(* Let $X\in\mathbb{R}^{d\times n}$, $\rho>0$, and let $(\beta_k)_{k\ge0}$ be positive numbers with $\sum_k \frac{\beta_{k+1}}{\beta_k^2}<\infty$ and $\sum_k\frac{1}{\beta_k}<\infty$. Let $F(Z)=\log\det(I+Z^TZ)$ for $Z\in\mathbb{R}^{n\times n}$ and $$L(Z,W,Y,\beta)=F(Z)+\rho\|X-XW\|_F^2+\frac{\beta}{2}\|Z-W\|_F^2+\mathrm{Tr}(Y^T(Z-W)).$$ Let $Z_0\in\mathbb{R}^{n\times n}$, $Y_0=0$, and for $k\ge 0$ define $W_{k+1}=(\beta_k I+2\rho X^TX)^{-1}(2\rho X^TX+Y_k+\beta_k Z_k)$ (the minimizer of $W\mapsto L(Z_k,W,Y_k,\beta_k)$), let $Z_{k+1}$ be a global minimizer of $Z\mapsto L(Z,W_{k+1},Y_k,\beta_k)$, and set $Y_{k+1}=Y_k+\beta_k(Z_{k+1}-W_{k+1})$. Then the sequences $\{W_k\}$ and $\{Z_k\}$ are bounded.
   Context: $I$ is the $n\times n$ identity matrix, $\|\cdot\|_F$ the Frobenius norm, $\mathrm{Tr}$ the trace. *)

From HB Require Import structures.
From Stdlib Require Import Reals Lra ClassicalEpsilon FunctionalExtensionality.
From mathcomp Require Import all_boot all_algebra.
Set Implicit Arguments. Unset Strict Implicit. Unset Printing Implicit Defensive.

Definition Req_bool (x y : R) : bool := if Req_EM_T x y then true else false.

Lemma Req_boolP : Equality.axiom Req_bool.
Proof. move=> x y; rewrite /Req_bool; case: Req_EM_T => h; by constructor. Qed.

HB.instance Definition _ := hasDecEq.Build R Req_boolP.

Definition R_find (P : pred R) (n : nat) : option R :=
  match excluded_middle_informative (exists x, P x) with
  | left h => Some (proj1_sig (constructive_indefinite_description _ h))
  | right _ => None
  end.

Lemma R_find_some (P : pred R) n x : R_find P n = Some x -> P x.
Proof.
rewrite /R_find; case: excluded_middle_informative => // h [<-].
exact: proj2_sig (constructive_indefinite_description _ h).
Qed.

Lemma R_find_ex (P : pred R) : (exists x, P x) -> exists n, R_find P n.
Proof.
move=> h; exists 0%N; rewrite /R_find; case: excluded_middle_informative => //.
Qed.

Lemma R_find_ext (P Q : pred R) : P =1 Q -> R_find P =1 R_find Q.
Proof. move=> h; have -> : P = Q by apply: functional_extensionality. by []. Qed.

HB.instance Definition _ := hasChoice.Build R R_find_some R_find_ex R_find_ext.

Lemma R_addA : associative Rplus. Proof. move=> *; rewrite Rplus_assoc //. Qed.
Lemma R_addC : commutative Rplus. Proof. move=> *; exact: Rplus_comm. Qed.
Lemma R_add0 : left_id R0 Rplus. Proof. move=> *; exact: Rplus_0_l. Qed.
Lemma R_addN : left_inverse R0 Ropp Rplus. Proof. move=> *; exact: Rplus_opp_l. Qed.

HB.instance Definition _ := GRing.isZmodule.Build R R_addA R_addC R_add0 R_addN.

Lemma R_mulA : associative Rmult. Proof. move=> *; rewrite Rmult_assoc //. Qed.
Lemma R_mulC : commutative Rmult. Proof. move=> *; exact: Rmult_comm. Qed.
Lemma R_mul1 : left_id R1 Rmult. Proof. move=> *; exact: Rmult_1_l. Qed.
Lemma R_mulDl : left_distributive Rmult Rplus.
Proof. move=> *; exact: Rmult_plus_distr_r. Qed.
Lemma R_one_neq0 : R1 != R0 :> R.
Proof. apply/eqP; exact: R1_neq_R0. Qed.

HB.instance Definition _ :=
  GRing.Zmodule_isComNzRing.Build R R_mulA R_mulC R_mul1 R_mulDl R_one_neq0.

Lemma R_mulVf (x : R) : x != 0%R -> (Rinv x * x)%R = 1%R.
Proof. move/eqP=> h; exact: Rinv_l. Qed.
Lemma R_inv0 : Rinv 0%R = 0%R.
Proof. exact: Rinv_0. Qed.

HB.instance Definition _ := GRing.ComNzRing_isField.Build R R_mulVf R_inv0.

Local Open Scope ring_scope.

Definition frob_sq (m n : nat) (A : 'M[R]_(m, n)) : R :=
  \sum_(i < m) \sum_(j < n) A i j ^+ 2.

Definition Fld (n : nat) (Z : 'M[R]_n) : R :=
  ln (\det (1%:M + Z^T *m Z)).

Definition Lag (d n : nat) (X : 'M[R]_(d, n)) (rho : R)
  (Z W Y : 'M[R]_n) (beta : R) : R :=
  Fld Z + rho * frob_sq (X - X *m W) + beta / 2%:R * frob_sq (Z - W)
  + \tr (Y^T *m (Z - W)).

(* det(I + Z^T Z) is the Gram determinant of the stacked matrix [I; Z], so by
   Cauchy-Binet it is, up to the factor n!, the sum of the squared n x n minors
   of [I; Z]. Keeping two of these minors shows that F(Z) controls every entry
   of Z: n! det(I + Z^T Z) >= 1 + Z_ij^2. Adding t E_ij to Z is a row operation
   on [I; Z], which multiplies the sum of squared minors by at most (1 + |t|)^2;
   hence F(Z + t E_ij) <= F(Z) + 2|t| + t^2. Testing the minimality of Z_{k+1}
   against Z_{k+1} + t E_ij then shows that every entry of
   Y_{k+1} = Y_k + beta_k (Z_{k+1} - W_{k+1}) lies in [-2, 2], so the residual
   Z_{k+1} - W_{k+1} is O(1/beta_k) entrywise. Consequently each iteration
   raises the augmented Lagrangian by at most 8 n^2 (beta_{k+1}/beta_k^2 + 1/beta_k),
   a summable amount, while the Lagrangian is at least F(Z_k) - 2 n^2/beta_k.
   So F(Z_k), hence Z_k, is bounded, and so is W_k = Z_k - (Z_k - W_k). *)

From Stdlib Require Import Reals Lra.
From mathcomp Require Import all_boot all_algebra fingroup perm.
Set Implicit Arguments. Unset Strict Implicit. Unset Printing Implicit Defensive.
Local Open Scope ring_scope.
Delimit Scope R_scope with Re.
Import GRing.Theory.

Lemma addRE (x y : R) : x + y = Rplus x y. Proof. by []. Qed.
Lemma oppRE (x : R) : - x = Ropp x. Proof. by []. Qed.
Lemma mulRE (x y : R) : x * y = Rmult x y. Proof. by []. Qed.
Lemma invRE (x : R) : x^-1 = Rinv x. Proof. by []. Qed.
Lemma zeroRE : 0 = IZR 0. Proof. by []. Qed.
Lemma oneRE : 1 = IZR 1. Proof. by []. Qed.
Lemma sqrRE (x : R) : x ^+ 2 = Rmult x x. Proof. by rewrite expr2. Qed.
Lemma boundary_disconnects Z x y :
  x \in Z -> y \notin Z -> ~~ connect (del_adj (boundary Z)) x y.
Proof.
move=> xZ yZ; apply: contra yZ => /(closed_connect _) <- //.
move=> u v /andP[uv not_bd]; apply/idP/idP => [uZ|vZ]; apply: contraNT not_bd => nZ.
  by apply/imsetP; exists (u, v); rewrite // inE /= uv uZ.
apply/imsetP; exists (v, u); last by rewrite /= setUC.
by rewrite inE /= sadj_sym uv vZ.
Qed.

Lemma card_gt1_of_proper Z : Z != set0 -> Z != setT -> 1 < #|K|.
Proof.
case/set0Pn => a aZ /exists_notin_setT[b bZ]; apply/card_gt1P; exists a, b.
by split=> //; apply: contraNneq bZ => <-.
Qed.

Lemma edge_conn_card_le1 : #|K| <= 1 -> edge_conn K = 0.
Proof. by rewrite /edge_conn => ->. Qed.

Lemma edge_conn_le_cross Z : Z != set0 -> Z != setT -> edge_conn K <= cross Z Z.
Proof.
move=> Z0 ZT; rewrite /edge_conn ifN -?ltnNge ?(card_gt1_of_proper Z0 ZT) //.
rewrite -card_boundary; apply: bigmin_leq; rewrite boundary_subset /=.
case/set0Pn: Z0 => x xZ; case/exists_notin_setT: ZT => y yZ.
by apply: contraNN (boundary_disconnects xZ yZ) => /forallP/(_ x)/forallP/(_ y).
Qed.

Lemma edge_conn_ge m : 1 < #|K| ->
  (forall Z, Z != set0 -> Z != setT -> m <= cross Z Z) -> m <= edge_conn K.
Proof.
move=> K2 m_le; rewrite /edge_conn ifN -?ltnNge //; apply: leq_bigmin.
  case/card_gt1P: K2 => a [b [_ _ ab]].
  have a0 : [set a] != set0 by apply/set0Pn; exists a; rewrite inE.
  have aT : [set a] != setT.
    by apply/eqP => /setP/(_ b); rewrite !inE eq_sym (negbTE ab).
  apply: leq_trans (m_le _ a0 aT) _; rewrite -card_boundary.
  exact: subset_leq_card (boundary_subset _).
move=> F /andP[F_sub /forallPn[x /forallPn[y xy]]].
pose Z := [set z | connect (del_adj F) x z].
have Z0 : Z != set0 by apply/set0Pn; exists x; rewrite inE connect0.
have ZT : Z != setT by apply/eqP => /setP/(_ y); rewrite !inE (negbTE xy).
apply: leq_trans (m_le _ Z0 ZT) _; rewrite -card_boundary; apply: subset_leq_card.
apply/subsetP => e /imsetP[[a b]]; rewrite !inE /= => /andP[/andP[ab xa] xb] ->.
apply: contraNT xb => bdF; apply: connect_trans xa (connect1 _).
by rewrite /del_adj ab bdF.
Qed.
──────────────────────────────
## Task
Starting with the line with "Consequently each iteration" above and going on through the line with "Import GRing.Theory.", transcribe every line exactly, both ends included, and add nothing.

## The answer
   Z_{k+1} - W_{k+1} is O(1/beta_k) entrywise. Consequently each iteration
   raises the augmented Lagrangian by at most 8 n^2 (beta_{k+1}/beta_k^2 + 1/beta_k),
   a summable amount, while the Lagrangian is at least F(Z_k) - 2 n^2/beta_k.
   So F(Z_k), hence Z_k, is bounded, and so is W_k = Z_k - (Z_k - W_k). *)

From Stdlib Require Import Reals Lra.
From mathcomp Require Import all_boot all_algebra fingroup perm.
Set Implicit Arguments. Unset Strict Implicit. Unset Printing Implicit Defensive.
Local Open Scope ring_scope.
Delimit Scope R_scope with Re.
Import GRing.Theory.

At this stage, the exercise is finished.